[plt-scheme] The perfect teaching language--Is this too much to ask for?
On Sat, Jun 13, 2009 at 6:00 PM, Shriram Krishnamurthi<sk at cs.brown.edu> wrote:
>> 2. Types in the Language
>
> These are not types. These are simply inspectors on the run-time
> tags. Your own example illustrates the point:
>
>>>>> type(isinstance)
>> <type 'builtin_function_or_method'>
>
> The *type* of isinstance would be something like
>
> isinstance :: value x type -> boolean
>
> [Never mind that type should not be a type.] In contrast, the
> run-time tag is "some kind of applicable object", and that's what
> Python gives you.
You're absolutely correct, and that's the confusion I was suffering
from. I *do* want run-time type annotations/tags that ride along with
values, so that students can make assertions and ask questions about
them.
You're exactly right that the type of isinstance should be more
specific, and I'd want something like
> (type is-of-type)
Any Type -> Boolean
in the Scheme version (where Type is the top of the hierarchy of
run-time tags that describe types).
>> OK, the last line is not particularly useful, but every Python value
>> knows what it is, these types are real objects in the language, and
>> programs can manipulate and ask questions about them.
>
> 1. I see no pedagogic value in this.
Have you never had a student try to return a number instead of a posn?

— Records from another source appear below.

Lemma half_lt e : 0 < e -> e / 2%:R < e.
Proof. by move=> ep; rewrite [X in _ < X]splitr ltrDr half_gt0. Qed.

(* [C] is only partially ordered, so there is no [min] to take. *)
Lemma ex_pos_le2 d1 d2 : 0 < d1 -> 0 < d2 -> exists2 d, 0 < d & d <= d1 /\ d <= d2.
Proof.
move=> d1p d2p; have [le12|nle12] := boolP (d1 <= d2); first by exists d1.
exists d2 => //; split => //.
by apply: ltW; rewrite real_ltNge ?gtr0_real.
Qed.

Lemma le_mul_div_add1 M e : 0 <= M -> 0 < e -> M * e / (M + 1) <= e.
Proof.
move=> M0 ep; have M1 : 0 < M + 1 by rewrite ltr_wpDl.
by rewrite ler_pdivrMr // mulrDr mulr1 mulrC lerDl ltW.
Qed.

Lemma near0_and (P Q : pt C -> Prop) : near0 P -> near0 Q -> near0 (fun h => P h /\ Q h).
Proof.
case=> d1 d1p H1 [d2 d2p H2]; have [d dp [le1 le2]] := ex_pos_le2 d1p d2p.
exists d => // h hd; split; [apply: H1 | apply: H2] => k; exact: lt_le_trans (hd k) _.
Qed.

Lemma near0_mono (P Q : pt C -> Prop) : (forall h, P h -> Q h) -> near0 P -> near0 Q.
Proof. by move=> PQ [d dp H]; exists d => // h /H /PQ. Qed.

Lemma near0_norm1_le c : 0 < c -> near0 (fun h => norm1 h <= c).
Proof.
move=> cp; exists (c / 4%:R); first by rewrite divr_gt0 // ltr0n.
move=> h hd; rewrite /norm1 big_ord4.
have -> : c = c / 4%:R + c / 4%:R + c / 4%:R + c / 4%:R by field.
by rewrite !lerD // ltW.
Qed.

Lemma littleo_ext r1 r2 : littleo r1 -> (forall h, r1 h = r2 h) -> littleo r2.
Proof. by move=> s E e ep; apply: near0_mono (s e ep) => h; rewrite E. Qed.

Lemma bigO_ext r1 r2 : bigO r1 -> (forall h, r1 h = r2 h) -> bigO r2.
Proof. by move=> [M M0 H] E; exists M => //; apply: near0_mono H => h; rewrite E. Qed.

Lemma littleo0 : littleo (fun _ => 0).
Proof. by move=> e ep; exists 1 => // h _; rewrite normr0 mulr_ge0 ?norm1_ge0 // ltW. Qed.

Lemma littleoD r1 r2 : littleo r1 -> littleo r2 -> littleo (fun h => r1 h + r2 h).
Proof.
move=> s1 s2 e ep; have e2 := half_gt0 ep.
apply: near0_mono (near0_and (s1 _ e2) (s2 _ e2)) => h [H1 H2].
by apply: le_trans (ler_normD _ _) _; rewrite [e]splitr mulrDl lerD.
Qed.

Lemma littleoZ c r : littleo r -> littleo (fun h => c * r h).
Proof.
move=> s e ep; have cp : 0 < `|c| + 1 by rewrite ltr_wpDl.
apply: near0_mono (s _ (divr_gt0 ep cp)) => h H.
rewrite normrM; apply: le_trans (ler_wpM2l (normr_ge0 c) H) _.
by rewrite mulrA ler_wpM2r ?norm1_ge0 // mulrA le_mul_div_add1.
Qed.

Lemma littleo_bigO r : littleo r -> bigO r.
Proof. by move=> s; exists 1 => //; exact: s _ ltr01. Qed.

Lemma bigOD r1 r2 : bigO r1 -> bigO r2 -> bigO (fun h => r1 h + r2 h).
Proof.
case=> M1 M1p H1 [M2 M2p H2]; exists (M1 + M2); first exact: addr_ge0.
apply: near0_mono (near0_and H1 H2) => h [a b].
by rewrite mulrDl (le_trans (ler_normD _ _)) // lerD.
Qed.

Lemma bigO_lin (a : 'I_4 -> C) : bigO (fun h => \sum_k a k * h k).
Proof.
exists (\sum_k `|a k|); first exact: sumr_ge0.
exists 1 => // h _; apply: le_trans (ler_norm_sum _ _ _) _.
rewrite /norm1 mulr_sumr; apply: ler_sum => k _; rewrite normrM.
by rewrite ler_wpM2r // (bigD1 k) //= lerDl sumr_ge0.
Qed.

Lemma bigO_cvg0 r : bigO r -> cvg0 r.
Proof.
case=> M M0 H e ep; have M1 : 0 < M + 1 by rewrite ltr_wpDl.
apply: near0_mono (near0_and H (near0_norm1_le (divr_gt0 ep M1))) => h [H1 H2].
apply: le_trans H1 (le_trans (ler_wpM2l M0 H2) _).
by rewrite mulrA le_mul_div_add1.
Qed.

Lemma littleo_mulr_bounded r v K : littleo r -> 0 <= K -> near0 (fun h => `|v h| <= K) ->
  littleo (fun h => r h * v h).
Proof.
move=> s K0 Hv e ep; have K1 : 0 < K + 1 by rewrite ltr_wpDl.
apply: near0_mono (near0_and (s _ (divr_gt0 ep K1)) Hv) => h [H1 H2].
rewrite normrM; apply: le_trans (ler_pM (normr_ge0 _) (normr_ge0 _) H1 H2) _.
have -> : e / (K + 1) * norm1 h * K = K * e / (K + 1) * norm1 h by ring.
by rewrite ler_wpM2r ?norm1_ge0 ?le_mul_div_add1.
Qed.

Lemma littleoM u v : bigO u -> cvg0 v -> littleo (fun h => u h * v h).
Proof.
case=> M M0 H tv e ep; have M1 : 0 < M + 1 by rewrite ltr_wpDl.
apply: near0_mono (near0_and H (tv _ (divr_gt0 ep M1))) => h [H1 H2].
rewrite normrM; apply: le_trans (ler_pM (normr_ge0 _) (normr_ge0 _) H1 H2) _.
have -> : M * norm1 h * (e / (M + 1)) = M * e / (M + 1) * norm1 h by ring.
by rewrite ler_wpM2r ?norm1_ge0 ?le_mul_div_add1.
Qed.

Lemma littleo_near r r' : littleo r -> near0 (fun h => r' h = r h) -> littleo r'.
Proof. by move=> s Hn e ep; apply: near0_mono (near0_and (s _ ep) Hn) => h [H ->]. Qed.

End Asymptotics.

Section Differentiability.
Variable C : numClosedFieldType.
Implicit Types (h z : pt C) (f g : fn C) (a b : 'I_4 -> C).

Definition fdiff f z a :=
  littleo (fun h => f (fun m => z m + h m) - f z - \sum_k a k * h k).

Lemma fdiff_ext f g z a : (forall w, f w = g w) -> fdiff f z a -> fdiff g z a.
Proof. by move=> E s; apply: littleo_ext s _ => h; rewrite !E. Qed.

Lemma eq_fdiff f z a b : (forall k, a k = b k) -> fdiff f z a -> fdiff f z b.
Proof. by move=> E s; apply: (littleo_ext s) => h; rewrite !big_ord4 !E. Qed.

Lemma fdiff_increment f z a : fdiff f z a ->
  bigO (fun h => f (fun m => z m + h m) - f z) /\ cvg0 (fun h => f (fun m => z m + h m) - f z).
Proof.
move=> s; suff B : bigO (fun h => f (fun m => z m + h m) - f z) by split; last exact: bigO_cvg0.
by apply: bigO_ext (bigOD (bigO_lin a) (littleo_bigO s)) _ => h; rewrite addrC subrK.
Qed.

Lemma fdiff_cst c z : fdiff (fun _ => c) z (fun _ => 0).
Proof. by apply: (littleo_ext (@littleo0 C)) => h; rewrite big_ord4; ring. Qed.

Lemma fdiff_var k z : fdiff (fun w => w k) z (fun m => (k == m)%:R).
Proof. by apply: (littleo_ext (@littleo0 C)) => h; rewrite big_ord4; case4 k => /=; ring. Qed.

Lemma fdiffD f g z a b : fdiff f z a -> fdiff g z b ->
  fdiff (fun w => f w + g w) z (fun k => a k + b k).
Proof.
by move=> sf sg; apply: (littleo_ext (littleoD sf sg)) => h; rewrite !big_ord4; ring.
Qed.

Lemma fdiffM f g z a b : fdiff f z a -> fdiff g z b ->
  fdiff (fun w => f w * g w) z (fun k => a k * g z + f z * b k).
Proof.
move=> sf sg; have [Bf _] := fdiff_increment sf; have [_ Tg] := fdiff_increment sg.
apply: (littleo_ext (littleoD (littleoD (littleoZ (f z) sg) (littleoZ (g z) sf))
                              (littleoM Bf Tg))) => h.
by rewrite !big_ord4; ring.
Qed.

Or (much more common and much more painful) in the chapters on binary
trees and family trees, students get confused about the kinds of
structures they're building and bury a mistake so deep in a structure
that by the time they get the error message it's not clear where they
painted themselves into a corner. These are the problems that they
spend ten or fifteen minutes staring at, and when I get there, I know
it's a type problem, but there are three or four functions, all with
working test cases that could have triggered the problem, and I have
to spend 5 minutes unwinding everything with them.
Outside of Scheme programming, I think there's a great deal of
pedagogic value in getting them to think about types. All of my
students get to AP Calculus AB or BC by their senior year and many of
them don't understand the relationship between the sets of numbers
they work with--naturals, integers, reals, rationals, irrationals, and
complex. It's not their fault--the curriculum I went through at the
same high school made that abundantly clear. Sometime in the 90's, we
went to something that was less theoretically rigorous and
concentrated more on applications. I'd like to drill them on type
judgments and the best way to do that is to have them be able to check
their judgments with a program that gives the right answer.
> 2. Scheme doesn't like to build in a bunch of crud. You can choose
> whatever representation you want for run-time tags and construct
> essentially the same in Scheme using the built-in predicates. If you
> think this is so useful for teaching, write a Teachpack that exports
> and standard interface for this. I leave it as an exercise because
> it's not a very hard one.
I think that's what I'd like to do. Unfortunately, I'm running into my
ignorance of Scheme beyond HtDP. If you think it's pretty easy, I'd
like to give it a go, but I'm at a bit of a loss as to where to start.
Should I implement the run-time tags as objects because of the natural
sub-classing/sub-typing relationships, should a tag be a struct,
should I just have a bunch of symbols? Can you constrain the exercise
a bit?
>> I want types to impact students' programming,
>> because a huge proportion of the mistakes my students make have to do
>> with muddy thinking about types, and I think the programming
>> environment should make them be explicit about what they think is
>> going on and help them when they're wrong.
>
> If you want this, and you want dynamic enforcement (which you seem
> to), use the PLT contract system (not to be confused with "contracts
> as comments" a la HtDP), which is about as sophisticated as you will
> find in any language.
Exactly! I got so excited when I found the contract system, except it
only works across module boundaries and I want students' functions
checked within the file where they're defined. Is there any way to (a)
allow students to declare a contract in a fairly easy to understand
way, and (b) check the contract against all of the other uses in the
same module?
>> 3. Static Typing
>> Yea for Python--I can play with types in the language.
>
> No you can't. You can play with run-time tags, as you can in lots of
> other languages.
>
Exactly. Is it safe to say that, for each type in the language, I want
a run-time-accessible value that corresponds with that type that can
be manipulated by the language--including some specific functions like
unify types, check if a value is of a type, etc.--or am I still not
correctly verbalizing/understanding what I'm asking for?
> Shriram
Thanks for correcting my misapprehensions!